Cash & Liquidity ManagementCash ManagementEU To Force New Reporting Duties on Corporates in Fight Against Tax Avoidance

EU To Force New Reporting Duties on Corporates in Fight Against Tax Avoidance

The tax affairs of big corporations in Europe are to be opened up to greater public scrutiny after the European Union (EU) resolved this week to rush out a new law by this summer compelling firms to reveal corporate profits and taxes on a country-by-country basis.

The new EU law is being driven by the public and political furore over allegations of tax avoidance by large corporates such as Apple, Google and Starbucks. On the back of this controversy, the EU is extending transparency reforms for banks and resources groups, to all large public and private companies. The new law could come into force as early as summer 2013, after EU leaders abandoned any reservations about more intrusive reporting rules at a mid-week summit.

The proposed changes could have far-reaching implications for big multinational corporations (MNCs) in Europe because, at present, the vast majority do not offer a breakdown of their tax, profits, revenues and staff numbers on an individual country-by-country.

Basing treasury and processing centres in low corporation tax countries, such as Luxembourg, Ireland or the Netherlands, as Google and Starbucks have done in the latter two countries, would be much more difficult in future if the proposed EU laws are adopted because the weight of public opinion in Europe at the moment is strongly against such measures. Apple has also faced similar criticism in the US.

Tim Cook, Apple’s chief executive, had to defend his firm’s policies in front of a confrontational US senate hearing, maintaining that: “We pay all the taxes we owe, every single dollar. We not only comply with the laws, but we comply with the spirit of the laws,” he said, after being questioned about how the company avoided billions of dollars in taxes on its international profits.

EU To Legislate on Tax Avoidance

Michel Barnier, EU commissioner for the single market, is working on legislative options for the proposed new disclosure rules.
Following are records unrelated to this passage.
(* Let $k$ be a field with $\mathrm{char}(k)\neq2$, let $m\in\{3,4\}$, and let $Q_1,Q_2$ be quadratic forms in $m$ variables over $k$ with matrices of second partial derivatives $A$ and $B$. Assume that $\ker(A)\cap\ker(B)=0$ (i.e. $\{Q_1=Q_2=0\}\subset\mathbb{P}^{m-1}$ is not a cone) and that the binary form $\det(Ax+Bz)$ is identically zero. Then: (i) if $m=3$, $(Q_1,Q_2)$ is $k$-equivalent to $(x_1x_2,\ x_2x_3)$; (ii) if $m=4$, $(Q_1,Q_2)$ is $k$-equivalent to $(x_1x_2,\ x_2x_3-x_4^2)$.
   Context: Two pairs of quadratic forms in $m$ variables over $k$ are $k$-equivalent if they lie in the same orbit of $GL_2(k)\times GL_m(k)$, where $(M,N)$ acts by replacing $(Q_1,Q_2)$ by $(m_{11}Q_1+m_{12}Q_2,\ m_{21}Q_1+m_{22}Q_2)$ and then substituting $x_j\leftarrow\sum_i n_{ij}x_i$. *)

From HB Require Import structures.
From mathcomp Require Import all_boot all_order all_algebra.
From mathcomp Require Import mpoly.
Set Implicit Arguments.
Unset Strict Implicit.
Unset Printing Implicit Defensive.
Import GRing.Theory.
Local Open Scope ring_scope.

Definition quadratic_form (k : fieldType) (m : nat) (Q : {mpoly k[m]}) : Prop :=
  Q \is 2.-homog.

(* Matrix of second partial derivatives (its entries are constants). *)
Definition hessian (k : fieldType) (m : nat) (Q : {mpoly k[m]}) : 'M[k]_m :=
  \matrix_(i, j) (mderiv i (mderiv j Q))@_0%MM.

Definition kernels_meet_trivially (k : fieldType) (m : nat) (A B : 'M[k]_m) : Prop :=
  forall v : 'cV[k]_m, A *m v = 0 -> B *m v = 0 -> v = 0.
According to the ‘FT’, he is also exploring the idea of speeding up its implementation by amending an existing proposal from April on corporate reporting of social and environmental issues. An alternative fast-track approach is for EU lawmakers to table amendments to new rules on accounting issues, which are almost agreed and are expected to be voted through by the European Parliament next month.

Mr Barnier told the ‘Financial Times’: “It is necessary that large companies such as Apple, Google, Amazon that we have recently spoken a lot about – but not only these – are obliged to report how much tax they pay to whom and where.”

Sharon Bowles, chair of the parliament’s economic affairs committee, said the change of heart from ministers to “force proper transparency” should be made law as soon as possible. The directives on the verge of being passed should be “reopened rather than waiting”, she told the newspaper.

Corporate tax avoidance has risen on the EU agenda in recent months after it emerged that a series of MNCs paid little or no tax at all, in many of the countries where they operate. Notoriously, Starbucks told a UK parliamentary hearing that it had made no profits in the UK for well over a decade, despite its shops opening across the land during this time, and Google has been maintaining that it technically sells nothing in the UK, with all its sales being processed through Ireland, despite whistle blower reports to the contrary from its sales staff in the UK.

“We weren’t expecting this to come up [at the summit],” said Carl Dolan, EU private sector policy officer at Transparency International, the anti-graft lobby group, when speaking to the ‘FT’. “There was no sense that this was going to be tackled now, especially as previous efforts to force extractive companies to report on a country-by-country level were opposed [by several member states].”

Treasury Impact of Furore: News Analysis 

The proposed EU legislation is the first concrete impact of the recent furore over the tax affairs of MNCs and the tax efficient structures that corporate treasurers have put in place in recent years as globalisation has progressed. The online commercial arena has particularly outstripped the ability of national governments to enforce national taxes on domestic operations when firms can easily set up elsewhere using new technology to process payments and transactions via offshore or low-tax alternative countries.

This has been common practice at large MNCs for some time now, but whether the practice can continue in the face of such public and political pressure on both sides of the Atlantic is debatable. Already the UK Prime Minister, David Cameron, has pledged to make the issue of the centrepiece of the country’s next staging of the G8 summit, in Northern Ireland next month. A push towards agreed international rules for taxation can be expected.

The leader of the UK’s opposition Labour party, Ed Miliband, has already accused Google of going to “extraordinary lengths” to avoid paying its taxes this week at the firm’s Big Tent event in the UK, as the political pressure continues to be retched up.

Google’s chairman, Eric Schmidt, defended the company in the press however, insisting that: “With respect to the current sort of issues, I don’t think a company should decide what tax policies should be, I think governments should.”

It’s a fair point that many a treasurer would agree with and it will be interesting to see if the next G8 is the beginning of a movement towards establishing international tax laws.

Schmidt also responded to Ed Miliband’s attack in the UK by saying that, “Google feels very, very strongly that tax information and tax policies should be done completely transparently”. If the EU laws come into force it appears that he may be about to get his wish.